Auch diese Tiere darf man sich nicht „aneignen“. Bei unter Naturschutz stehenden Arten es ist aber zulässig, kranke oder verletzte „Findlinge“ zur Pflege aufzunehmen, wenn sie danach wieder umgehend in die Natur entlassen werden. Ist das nicht möglich, sollte die Naturschutzbehörde des jeweiligen Bezirkes (Natur- und Grünflächenamt) verständigt werden. Arten, die unter besonders strenge Schutzbestimmungen fallen (Greifvögel, Eulen, Fledermäuse), müssen unverzüglich an Spezialisten weitergegeben werden.
Fundtiere
Im Gegensatz zu herrenlosen Tieren sind Fundtiere entwichene Heimtiere (Hund, Katze, Ziervogel etc.), die einen derzeit nicht bekannten Eigentümer haben. Im Sinne des Gesetzgebers sind sie also nicht herrenlos und darum auch nicht Eigentum des Finders.

Wer ein solches Tier findet, ist verpflichtet, es der Tiersammelstelle des Landes Berlin, Amt für „regionalisierte Ordnungsaufgaben“, im Tierheim Berlin zu übergeben (Fundrecht nach BGB §§ 965 - 984).
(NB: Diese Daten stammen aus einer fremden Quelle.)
Lemma diag_form_gt0 (C : numClosedFieldType) n (d y : 'rV[C]_n) :
  (forall j, d 0 j \is Num.real) -> (forall j, d 0 j <= 0 -> y 0 j = 0) -> y != 0 ->
  0 < \sum_j y 0 j * d 0 j * (y 0 j)^*.
Proof.
move=> dreal ysupp yN0.
have [j0 yj0] : exists j, y 0 j != 0.
  apply/existsP; apply: contraR yN0 => /existsPn yz; apply/eqP/rowP => j.
  by rewrite mxE; apply/eqP; rewrite -[_ == _]negbK yz.
have term_pos j : y 0 j != 0 -> 0 < y 0 j * d 0 j * (y 0 j)^*.
  move=> yj; rewrite mulrAC mulr_gt0 ?mul_conjC_gt0 //.
  by rewrite real_ltNge ?real0 //; apply: contra yj => /ysupp ->.
have term_ge0 j : 0 <= y 0 j * d 0 j * (y 0 j)^*.
  by have [->|/term_pos/ltW] := eqVneq (y 0 j) 0; rewrite ?mul0r.
rewrite (bigD1 j0) //=; apply: ltr_wpDr (term_pos _ yj0).
by apply: sumr_ge0 => j _; apply: term_ge0.
Qed.

Lemma row_space_vanishing_on (F : fieldType) k n (W : 'M[F]_(k, n)) (N : {set 'I_n}) :
  row_free W -> (#|N| < k)%N ->
  exists v : 'rV_k, v *m W != 0 /\ forall j, j \in N -> (v *m W) 0 j = 0.
Proof.
move=> Wfree ltNk.
pose M : 'M_(k, #|N|) := \matrix_(i, l) W i (enum_val l).
have M_not_free : ~~ row_free M.
  by apply: contraL ltNk => /eqP rkM; rewrite -leqNgt -rkM rank_leq_col.
have [v [vN0 vM]] : exists v : 'rV_k, v != 0 /\ v *m M = 0.
  apply: NNPP => none; move/negP: M_not_free; apply; apply: inj_row_free => v vM.
  by apply/eqP; apply: contraT => vN0; exfalso; apply: none; exists v.
exists v; split; first by rewrite mulmx_free_eq0.
move=> j Nj; have <- : (v *m M) 0 (enum_rank_in Nj j) = (v *m W) 0 j.
  by rewrite !mxE; apply: eq_bigr => i _; rewrite !mxE enum_rankK_in.
by rewrite vM mxE.
Qed.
Wenn sich nach einer Frist von fünf Tagen (bei Hunden) und drei Tagen (Katzen) der Tiereigentümer nicht meldet, geht der „Fund“ automatisch in das Eigentum des Tierschutzvereins über. Das Tier kann dann weitervermittelt werden, auf Wunsch auch an den Finder. Meldet sich innerhalb der nächsten sechs Monate doch noch der Vorbesitzer, muss das Tier an ihn zurückgegeben werden (siehe Fundrecht).